■ WORK TO COMPLETE: Copy the lines below exactly. Start at the first and finish with the line containing "have [m ta] := gal_kummer t_gal a_neq0 aN.".

■ EXTRACTED MATERIAL:
+++

(* Some [t] in the Galois group moves [a] to [z ^+ m * a] with [z ^+ m != 1];
   the trace is [t]-invariant and [<<1; z>>]-linear, hence killed by [z ^+ m - 1]. *)
Lemma galTrace_kummer_notin (a : L) :
  a != 0 -> a ^+ N \in <<1; z>>%VS -> a \notin <<1; z>>%VS ->
  galTrace <<1; z>> {:L} a = 0.
Proof.
move=> a_neq0 aN a_notin.
have [t t_gal ta_neq] : exists2 t, t \in 'Gal({:L} / <<1; z>>)%g & t a != a.
  apply/exists_inP; apply: contraR a_notin; rewrite negb_exists_in => /forall_inP fix_a.
  rewrite -(galois_fixedField galois_adjoin_prim_root); apply/fixedFieldP => [|x /fix_a].
    exact: memvf.
  by move/negbNE/eqP.
have [m ta] := gal_kummer t_gal a_neq0 aN.
have zm_neq1 : z ^+ m != 1 by apply: contra_neq ta_neq => zm1; rewrite ta zm1 mul1r.
have : galTrace <<1; z>> {:L} a = z ^+ m * galTrace <<1; z>> {:L} a.
  rewrite -{1}(galTrace_gal (memvf a) t_gal) ta /galTrace mulr_sumr.
  apply: eq_bigr => x x_gal; rewrite rmorphM rmorphXn /=.
  by rewrite (fixed_gal (subvf _) x_gal z_Kz).
move/eqP; rewrite -subr_eq0 -{1}[galTrace _ _ a]mul1r -mulrBl mulf_eq0 subr_eq0.
by rewrite eq_sym (negPf zm_neq1) => /eqP.
Qed.
(* Let $A=kQ/I$ be a nondegenerate dimer algebra on a torus with center $Z$, and let $\psi:A\to A'$ be a cyclic contraction. Then for each $i\in Q_0$, $\bar\tau\psi(Ze_i)\subseteq R$.
   Context: Let $k$ be an algebraically closed field. A dimer quiver is a finite quiver $Q$ (vertices $Q_0$, arrows $Q_1$, head/tail $\operatorname{h},\operatorname{t}$) whose underlying graph embeds in a real two-torus so that each connected component of the complement is simply connected and bounded by an oriented cycle (a unit cycle). The dimer algebra is $A=kQ/I$, $I$ generated by all $p-q$ with $p,q$ paths such that for some arrow $a$ both $pa$ and $qa$ are unit cycles. Perfect matching: $D\subseteq Q_1$ meeting each unit cycle in exactly one arrow; nondegenerate: every arrow in some perfect matching. Simple matching: perfect matching $D$ such that the subquiver with arrows $Q_1\setminus D$ contains a cycle through every vertex. Cancellative: no paths $p\neq q$ of $A$ and path $r$ with $rp=rq\neq0$ or $pr=qr\neq0$. For a dimer algebra $A'=kQ'/I'$ with simple matchings $\mathcal{S}'$, $\tau:A'\to M_{|Q'_0|}(k[x_D:D\in\mathcal{S}'])$ is the algebra map with $\tau(e_i)=E_{ii}$, $\tau(a)=\big(\prod_{D\in\mathcal{S}',a\in D}x_D\big)E_{\operatorname{h}(a),\operatorname{t}(a)}$; $\bar\tau(p)$ is given by $\tau(p)=\bar\tau(p)E_{ji}$ for $p\in e_jA'e_i$, extended $k$-linearly. A contraction $\psi:A\to A'$: $A'=kQ'/I'$ is a dimer algebra with $Q'$ obtained from $Q$ by contracting a set of arrows $Q_1^*\subseteq Q_1$ to vertices, the induced map $kQ\to kQ'$ sending $I$ into $I'$ and inducing $\psi$. It is cyclic if $A'$ is cancellative and $k[\cup_{i\in Q_0}\bar\tau\psi(e_iAe_i)]=k[\cup_{i\in Q'_0}\bar\tau(e_iA'e_i)]$. $R:=k[\cap_{i\in Q_0}\bar\tau\psi(e_iAe_i)]$ (isomorphic to the center of the homotopy algebra of $A$). *)

From HB Require Import structures.
From mathcomp Require Import all_boot all_order all_algebra all_fingroup.
From mathcomp Require Import mpoly.
From Stdlib Require Import ClassicalDescription.

Set Implicit Arguments.
Unset Strict Implicit.
Unset Printing Implicit Defensive.

Import GRing.Theory.
Local Open Scope ring_scope.

(* A quiver (finite vertex type, finite arrow type, head/tail) embedded in  *)
(* a two-torus with every complementary region an open disc bounded by an  *)
(* oriented cycle (a unit cycle) is encoded by the standard combinatorial   *)
(* (ribbon-graph) data: every arrow lies on the boundary of exactly one     *)
(* positively oriented unit cycle and one negatively oriented unit cycle;   *)
(* [pos a] ([neg a]) is the arrow following [a] along that boundary.  The   *)
(* unit cycles are the orbits of [pos] and [neg].  The CW-complex obtained  *)
(* by gluing the unit-cycle discs is a closed surface iff the link of every *)
(* vertex is connected, it is connected iff the quiver is connected, it is  *)
(* orientable by construction, and it is a torus iff its Euler             *)
(* characteristic V - E + F vanishes.                                       *)

(* the vertex at which an arrow-end sits: (a,true) = head end, (a,false) = tail end *)
Definition end_vertex (V E : Type) (hd tl : E -> V) (x : E * bool) : V :=
  if x.2 then hd x.1 else tl x.1.

(* two arrow-ends at a vertex are adjacent when they form a corner of a unit cycle *)
Definition corner_rel (E : finType) (sp sm : E -> E) : rel (E * bool) :=
  fun x y =>
    match x, y with
    | (a, true), (b, false) => (b == sp a) || (b == sm a)
    | (b, false), (a, true) => (b == sp a) || (b == sm a)
    | _, _ => false
    end.
(* For every $\Pi^1_1$ sentence $\psi$ (universal second-order sentence) there is an $\mathbf{ID}$ sentence $\phi$ such that for every suitable structure $M$, $M\models\psi$ if and only if $M\models_{\{\emptyset\}}\phi$.
   Context: Fix a first-order signature; structures have non-empty domains. An assignment on $M$ is a function from a finite set of variables into the domain of $M$; $s(a/x)$ agrees with $s$ except that it sends $x$ to $a$. A team $X$ of $M$ is a set of assignments all with the same domain $dom(X)$. For $F:X\to M$, $X(F/x)=\{s(F(s)/x):s\in X\}$; $X(M/x)=\{s(a/x):a\in M,s\in X\}$. Formulas of intuitionistic dependence logic $\mathbf{ID}$: $\phi::=\alpha\mid=\!\!(t)\mid\bot\mid\phi\wedge\phi\mid\phi\veebar\phi\mid\phi\to\phi\mid\forall x\phi\mid\exists x\phi$, with $\alpha$ a first-order atomic formula and $t$ a term; free variables as usual; sentences have none. Team semantics, for $X$ with $dom(X)\supseteq$ free variables: $M\models_X\alpha$ iff $M\models_s\alpha$ for all $s\in X$; $M\models_X=\!\!(t)$ iff $s(t)=s'(t)$ for all $s,s'\in X$; $M\models_X\bot$ iff $X=\emptyset$; $\wedge$ as usual; $M\models_X\phi\veebar\psi$ iff $M\models_X\phi$ or $M\models_X\psi$; $M\models_X\phi\to\psi$ iff for every $Y\subseteq X$, $M\models_Y\phi$ implies $M\models_Y\psi$; $M\models_X\exists x\phi$ iff $M\models_{X(F/x)}\phi$ for some $F:X\to M$; $M\models_X\forall x\phi$ iff $M\models_{X(M/x)}\phi$. $M\models_{\{\emptyset\}}\phi$ means the team consisting only of the empty assignment satisfies $\phi$. $M\models\psi$ is standard second-order semantics. *)

From Stdlib Require Import List Arith Bool.
From Stdlib Require Vectors.Fin.
Import ListNotations.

+++

■ RESULT BELOW:
(* Some [t] in the Galois group moves [a] to [z ^+ m * a] with [z ^+ m != 1];
   the trace is [t]-invariant and [<<1; z>>]-linear, hence killed by [z ^+ m - 1]. *)
Lemma galTrace_kummer_notin (a : L) :
  a != 0 -> a ^+ N \in <<1; z>>%VS -> a \notin <<1; z>>%VS ->
  galTrace <<1; z>> {:L} a = 0.
Proof.
move=> a_neq0 aN a_notin.
have [t t_gal ta_neq] : exists2 t, t \in 'Gal({:L} / <<1; z>>)%g & t a != a.
  apply/exists_inP; apply: contraR a_notin; rewrite negb_exists_in => /forall_inP fix_a.
  rewrite -(galois_fixedField galois_adjoin_prim_root); apply/fixedFieldP => [|x /fix_a].
    exact: memvf.
  by move/negbNE/eqP.
have [m ta] := gal_kummer t_gal a_neq0 aN.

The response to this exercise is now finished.